The best way to make these queries faster is to set --slots-per-restore-point=32 but that currently uses heaps of space (4TB+). We have an experimental branch that reduces the size of a SPRP=32 node to ~250GB which we've started using for our own internal analytics, see: #3206, #3626. It makes extensive changes to the database schema so we want to make sure we get it right before releasing it (we also need to re-write the schema migration for it, as that's broken currently). I've been working on this for more than a year, but hoping to finally get it across the line soon.

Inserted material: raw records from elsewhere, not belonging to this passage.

(* Fix constants $c > 0$ and $c' > 0$ and consider RLS-GP with $F = \{\mathrm{AND}, \mathrm{OR}\}$, $L = \{x_1, \ldots, x_n\}$, tree size limit $\ell \ge n$, target $h \in \{\mathrm{AND}_n, \mathrm{OR}_n\}$, evaluating solutions in each iteration on a fresh training set of $s \ge n^{c} \lg^2 n$ inputs sampled uniformly at random from $\{0,1\}^n$, and terminating when the sampled error of its current solution is at most $c' \lg n$. Then, with high probability, within any polynomial number of iterations no solution with a generalisation error greater than $n^{-c}$ has a sampled error of at most $c' \lg n$ on the training set of that iteration.
   Context: Programs are finite rooted binary trees (the empty tree is allowed) whose internal nodes are labelled by binary Boolean functions from $F$ and whose leaves are labelled by literals from $L$; a program computes a Boolean function of $(x_1,\dots,x_n)$ in the obvious way. $\mathrm{AND}_n(x) = x_1 \wedge \dots \wedge x_n$, $\mathrm{OR}_n(x) = x_1 \vee \dots \vee x_n$. The generalisation error of $X$ is $|\{x \in \{0,1\}^n : X(x) \ne h(x)\}|/2^n$. In each iteration a fresh training set of $s$ inputs is drawn independently and uniformly at random from $\{0,1\}^n$; the sampled error $f(X)$ of a program $X$ in that iteration is the number of sampled inputs on which $X$ differs from $h$; parent and offspring are evaluated on the same training set. LeafCount$(X)$ is the number of leaves. HVL-Prime with subtree deletion, applied to a tree $X$: choose $op \in \{\mathrm{INS}, \mathrm{DEL}, \mathrm{SUB}\}$, a literal $l \in L$ and a function $g \in F$, independently and uniformly at random. If $X$ is empty, the result is the single leaf $l$. Otherwise: if $op = \mathrm{INS}$, choose a node $x$ of $X$ uniformly at random and replace it by a new node labelled $g$ whose two children are the subtree rooted at $x$ and a new leaf $l$, in uniformly random order; if $op = \mathrm{DEL}$, choose a node $x$ of $X$ (leaf or internal) uniformly at random and replace the parent of $x$ by the sibling of $x$; if $op = \mathrm{SUB}$, choose a leaf of $X$ uniformly at random and replace it by $l$. RLS-GP with tree size limit $\ell$: start with the empty tree $X$; in each iteration let $X' := $ HVL-Prime$(X)$, and if LeafCount$(X') \le \ell$ and $f(X') \le f(X)$ then set $X := X'$. $\lg$ is the base-2 logarithm; ''with high probability'' means with probability tending to $1$ as $n \to \infty$. *)

From HB Require Import structures.
From mathcomp Require Import all_boot all_order all_algebra.
From mathcomp Require Import all_classical all_reals all_analysis.
Set Implicit Arguments. Unset Strict Implicit. Unset Printing Implicit Defensive.
Import Order.TTheory GRing.Theory Num.Theory.
Import numFieldNormedType.Exports.
Local Open Scope ring_scope.

Inductive gate := GAnd | GOr.
Definition gate_eval (g : gate) (a b : bool) : bool :=
  match g with GAnd => a && b | GOr => a || b end.
(* Let $(D,\prec,\succ,\alpha)$ be a Hom-dendriform algebra and $(V,\prec_l,\succ_l,\prec_r,\succ_r,\beta)$ a representation of it. On $D\oplus V$ define, for $x,y\in D$, $u,v\in V$: $(x,u)\prec_\vdash(y,v)=(x\prec y,\ x\prec_l v)$, $(x,u)\prec_\dashv(y,v)=(x\prec y,\ u\prec_r y)$, $(x,u)\succ_\vdash(y,v)=(x\succ y,\ x\succ_l v)$, $(x,u)\succ_\dashv(y,v)=(x\succ y,\ u\succ_r y)$, and the linear map $\alpha\otimes\beta:D\oplus V\to D\oplus V$, $(x,u)\mapsto(\alpha(x),\beta(u))$. Then $(D\oplus V,\prec_\vdash,\prec_\dashv,\succ_\vdash,\succ_\dashv,\alpha\otimes\beta)$ is a Hom-quadri-dendriform algebra (called the hemi-semidirect product Hom-quadri-dendriform algebra).
   Context: All vector spaces are over a field of characteristic zero. A Hom-dendriform algebra is $(D,\prec,\succ,\alpha)$ with $\prec,\succ$ bilinear on $D$ and $\alpha:D\to D$ linear such that for all $x,y,z$: $\alpha(x)\prec(y\prec z+y\succ z)=(x\prec y)\prec\alpha(z)$; $\alpha(x)\succ(y\prec z)=(x\succ y)\prec\alpha(z)$; $\alpha(x)\succ(y\succ z)=(x\prec y+x\succ y)\succ\alpha(z)$. A representation of $(D,\prec,\succ,\alpha)$ is a vector space $V$ with a linear map $\beta:V\to V$ and bilinear maps $\prec_l,\succ_l:D\times V\to V$, $\prec_r,\succ_r:V\times D\to V$ such that for all $x,y\in D$, $m\in V$: $(x\prec y)\prec_l\beta(m)=\alpha(x)\prec_l(y\prec_l m+y\succ_l m)$; $(x\succ y)\prec_l\beta(m)=\alpha(x)\succ_l(y\prec_l m)$; $\alpha(x)\succ_l(y\succ_l m)=(x\prec y+x\succ y)\succ_l\beta(m)$; $\beta(m)\prec_r(x\prec y+x\succ y)=(m\prec_r x)\prec_r\alpha(y)$; $\beta(m)\succ_r(x\prec y)=(m\succ_r x)\prec_r\alpha(y)$; $(m\prec_r x+m\succ_r x)\succ_r\alpha(y)=\beta(m)\succ_r(x\succ y)$; $(x\prec_l m)\prec_r\alpha(y)=\alpha(x)\prec_l(m\prec_r y+m\succ_r y)$; $(x\succ_l m)\prec_r\alpha(y)=\alpha(x)\succ_l(m\prec_r y)$; $(x\prec_l m+x\succ_l m)\succ_r\alpha(y)=\alpha(x)\succ_l(m\succ_r y)$. A Hom-quadri-dendriform algebra is a tuple $(E,\prec_\vdash,\prec_\dashv,\succ_\vdash,\succ_\dashv,\gamma)$ with four bilinear operations on $E$ and $\gamma:E\to E$ linear such that for all $x,y,z\in E$: (Q1) $(x\prec_\vdash y)\prec_\vdash\gamma(z)=(x\prec_\dashv y)\prec_\vdash\gamma(z)=\gamma(x)\prec_\vdash(y\prec_\vdash z+y\succ_\vdash z)$; (Q2) $(x\succ_\vdash y)\prec_\vdash\gamma(z)=(x\succ_\dashv y)\prec_\vdash\gamma(z)=\gamma(x)\succ_\vdash(y\prec_\vdash z)$; (Q3) $\gamma(x)\succ_\vdash(y\succ_\vdash z)=(x\prec_\vdash y+x\succ_\vdash y)\succ_\vdash\gamma(z)=(x\prec_\dashv y+x\succ_\dashv y)\succ_\vdash\gamma(z)$; (Q4) $\gamma(x)\succ_\vdash(y\succ_\vdash z)=(x\prec_\dashv y+x\succ_\vdash y)\succ_\vdash\gamma(z)=(x\prec_\vdash y+x\succ_\dashv y)\succ_\vdash\gamma(z)$; (Q5) $(x\prec_\vdash y)\prec_\dashv\gamma(z)=\gamma(x)\prec_\vdash(y\prec_\dashv z+y\succ_\dashv z)$; (Q6) $(x\succ_\vdash y)\prec_\dashv\gamma(z)=\gamma(x)\succ_\vdash(y\prec_\dashv z)$; (Q7) $\gamma(x)\succ_\vdash(y\succ_\dashv z)=(x\prec_\vdash y+x\succ_\vdash y)\succ_\dashv\gamma(z)$; (Q8) $(x\prec_\dashv y)\prec_\dashv\gamma(z)=\gamma(x)\prec_\dashv(y\prec_\vdash z+y\succ_\vdash z)=\gamma(x)\prec_\dashv(y\prec_\dashv z+y\succ_\dashv z)$; (Q9) $(x\prec_\dashv y)\prec_\dashv\gamma(z)=\gamma(x)\prec_\dashv(y\prec_\vdash z+y\succ_\dashv z)=\gamma(x)\prec_\dashv(y\prec_\dashv z+y\succ_\vdash z)$; (Q10) $(x\succ_\dashv y)\prec_\dashv\gamma(z)=\gamma(x)\succ_\dashv(y\prec_\vdash z)=\gamma(x)\succ_\dashv(y\prec_\dashv z)$; (Q11) $\gamma(x)\succ_\dashv(y\succ_\vdash z)=\gamma(x)\succ_\dashv(y\succ_\dashv z)=(x\prec_\dashv y+x\succ_\dashv y)\succ_\dashv\gamma(z)$. *)

From HB Require Import structures.
From mathcomp Require Import all_boot all_order all_algebra.
Set Implicit Arguments. Unset Strict Implicit. Unset Printing Implicit Defensive.
Import GRing.Theory.
Local Open Scope ring_scope.

Definition is_linear (K : fieldType) (U W : lmodType K) (f : U -> W) : Prop :=
  forall (a : K) (u v : U), f (a *: u + v) = a *: f u + f v.

Definition is_bilinear (K : fieldType) (U W Z : lmodType K) (f : U -> W -> Z) : Prop :=
  (forall w : W, is_linear (fun u => f u w)) /\ (forall u : U, is_linear (f u)).

Definition HomDendriform (K : fieldType) (D : lmodType K)
  (prec succ : D -> D -> D) (alpha : D -> D) : Prop :=
  [/\ is_bilinear prec, is_bilinear succ, is_linear alpha &
   forall x y z : D,
   [/\ prec (alpha x) (prec y z + succ y z) = prec (prec x y) (alpha z),
       succ (alpha x) (prec y z) = prec (succ x y) (alpha z) &
       succ (alpha x) (succ y z) = succ (prec x y + succ x y) (alpha z)]].

Definition HomDendriformRep (K : fieldType) (D V : lmodType K)
  (prec succ : D -> D -> D) (alpha : D -> D)
  (precl succl : D -> V -> V) (precr succr : V -> D -> V) (beta : V -> V) : Prop :=
  [/\ is_linear beta, is_bilinear precl /\ is_bilinear succl,
      is_bilinear precr /\ is_bilinear succr &
   forall (x y : D) (m : V),
   (precl (prec x y) (beta m) = precl (alpha x) (precl y m + succl y m) /\
       precl (succ x y) (beta m) = succl (alpha x) (precl y m) /\
       succl (alpha x) (succl y m) = succl (prec x y + succ x y) (beta m) /\
       precr (beta m) (prec x y + succ x y) = precr (precr m x) (alpha y) /\
       succr (beta m) (prec x y) = precr (succr m x) (alpha y) /\
       succr (precr m x + succr m x) (alpha y) = succr (beta m) (succ x y) /\
       precr (precl x m) (alpha y) = precl (alpha x) (precr m y + succr m y) /\
       precr (succl x m) (alpha y) = succl (alpha x) (precr m y) /\
       succr (precl x m + succl x m) (alpha y) = succl (alpha x) (succr m y))].

(* Hom-quadri-dendriform algebra (E, pv, pd, sv, sd, gamma), where
   pv = \prec_\vdash, pd = \prec_\dashv, sv = \succ_\vdash, sd = \succ_\dashv. *)
Definition HomQuadriDendriform (K : fieldType) (E : lmodType K)
  (pv pd sv sd : E -> E -> E) (gamma : E -> E) : Prop :=
  [/\ is_bilinear pv /\ is_bilinear pd, is_bilinear sv /\ is_bilinear sd,
      is_linear gamma &
   forall x y z : E,
   (
       pv (pv x y) (gamma z) = pv (pd x y) (gamma z) /\
       pv (pd x y) (gamma z) = pv (gamma x) (pv y z + sv y z) /\
       pv (sv x y) (gamma z) = pv (sd x y) (gamma z) /\
       pv (sd x y) (gamma z) = sv (gamma x) (pv y z) /\
       sv (gamma x) (sv y z) = sv (pv x y + sv x y) (gamma z) /\
       sv (pv x y + sv x y) (gamma z) = sv (pd x y + sd x y) (gamma z) /\
       sv (gamma x) (sv y z) = sv (pd x y + sv x y) (gamma z) /\
       sv (pd x y + sv x y) (gamma z) = sv (pv x y + sd x y) (gamma z) /\
       pd (pv x y) (gamma z) = pv (gamma x) (pd y z + sd y z) /\
       pd (sv x y) (gamma z) = sv (gamma x) (pd y z) /\
       sv (gamma x) (sd y z) = sd (pv x y + sv x y) (gamma z) /\
       pd (pd x y) (gamma z) = pd (gamma x) (pv y z + sv y z) /\
       pd (gamma x) (pv y z + sv y z) = pd (gamma x) (pd y z + sd y z) /\
       pd (pd x y) (gamma z) = pd (gamma x) (pv y z + sd y z) /\
       pd (gamma x) (pv y z + sd y z) = pd (gamma x) (pd y z + sv y z) /\
       pd (sd x y) (gamma z) = sd (gamma x) (pv y z) /\
       sd (gamma x) (pv y z) = sd (gamma x) (pd y z) /\
       sd (gamma x) (sv y z) = sd (gamma x) (sd y z) /\
       sd (gamma x) (sd y z) = sd (pd x y + sd x y) (gamma z))].

Definition hs_prec_vdash (K : fieldType) (D V : lmodType K)
  (prec : D -> D -> D) (precl : D -> V -> V) (p q : D * V) : D * V :=
  (prec p.1 q.1, precl p.1 q.2).
Definition hs_prec_dashv (K : fieldType) (D V : lmodType K)
  (prec : D -> D -> D) (precr : V -> D -> V) (p q : D * V) : D * V :=
  (prec p.1 q.1, precr p.2 q.1).
Definition hs_succ_vdash (K : fieldType) (D V : lmodType K)
  (succ : D -> D -> D) (succl : D -> V -> V) (p q : D * V) : D * V :=
  (succ p.1 q.1, succl p.1 q.2).
Definition hs_succ_dashv (K : fieldType) (D V : lmodType K)
  (succ : D -> D -> D) (succr : V -> D -> V) (p q : D * V) : D * V :=
  (succ p.1 q.1, succr p.2 q.1).
Definition hs_twist (K : fieldType) (D V : lmodType K)
  (alpha : D -> D) (beta : V -> V) (p : D * V) : D * V :=
  (alpha p.1, beta p.2).

From HB Require Import structures.
From mathcomp Require Import all_boot all_order all_algebra.

(* On the D-component the two
   operations prec_vdash and prec_dashv (resp. succ_vdash and succ_dashv)
   both reduce to prec (resp. succ), so every quadri-dendriform identity
   becomes one of the three Hom-dendriform identities; on the V-component it
   becomes one of the nine representation identities. *)

Section HemiSemidirectLinearity.

Variables (K : fieldType) (D V : lmodType K).

Lemma bilinear_pair_left (op : D -> D -> D) (act : D -> V -> V) :
  is_bilinear op -> is_bilinear act ->
  is_bilinear (fun p q : D * V => (op p.1 q.1, act p.1 q.2)).
Proof.
move=> [opl opr] [actl actr].
by split=> [q|p] a [x u] [y v]; congr pair; rewrite /= ?opl ?opr ?actl ?actr.
Qed.

Lemma bilinear_pair_right (op : D -> D -> D) (act : V -> D -> V) :
  is_bilinear op -> is_bilinear act ->
  is_bilinear (fun p q : D * V => (op p.1 q.1, act p.2 q.1)).
Proof.
move=> [opl opr] [actl actr].
by split=> [q|p] a [x u] [y v]; congr pair; rewrite /= ?opl ?opr ?actl ?actr.
Qed.

Lemma linear_hs_twist (alpha : D -> D) (beta : V -> V) :
  is_linear alpha -> is_linear beta -> is_linear (hs_twist alpha beta).
Proof. by move=> alphaL betaL a [x u] [y v]; rewrite /hs_twist /= alphaL betaL. Qed.

End HemiSemidirectLinearity.

Theorem proposition3p7 (K : fieldType) (charK0 : [pchar K]%R =i pred0)
  (D V : lmodType K)
  (prec succ : D -> D -> D) (alpha : D -> D)
  (precl succl : D -> V -> V) (precr succr : V -> D -> V) (beta : V -> V) :
  HomDendriform prec succ alpha ->
  HomDendriformRep prec succ alpha precl succl precr succr beta ->
  HomQuadriDendriform
    (hs_prec_vdash prec precl) (hs_prec_dashv prec precr)
    (hs_succ_vdash succ succl) (hs_succ_dashv succ succr)
    (hs_twist alpha beta).
Proof.
move=> [precB succB alphaL dend] [betaL [preclB succlB] [precrB succrB] rep].
split; [split|split| |].
- exact: bilinear_pair_left.
- exact: bilinear_pair_right.
- exact: bilinear_pair_left.
- exact: bilinear_pair_right.
- exact: linear_hs_twist.
move=> [x u] [y v] [z w].
have [d1 d2 d3] := dend x y z.
have [l1 [l2 [l3 _]]] := rep x y w.
have [_ [_ [_ [r1 [r2 [r3 _]]]]]] := rep y z u.
have [_ [_ [_ [_ [_ [_ [b1 [b2 b3]]]]]]]] := rep x z v.
rewrite /hs_prec_vdash /hs_prec_dashv /hs_succ_vdash /hs_succ_dashv /hs_twist /=.
by do 18 (split; first by congr pair); congr pair.
Qed.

If you'd like to run the tree-states branch let me know and I can help you build it. The gist of it is that you need to clone this repo alongside Lighthouse.

@wmitsuda
Copy link
Author

wmitsuda commented Dec 8, 2022

Hi, I'm using all default settings.

Thanks for the info. Just giving more context: my use case is getting and displaying the elected validators for a certain epoch. For regular slots, that's a no-brainer, this info is returned by querying the block.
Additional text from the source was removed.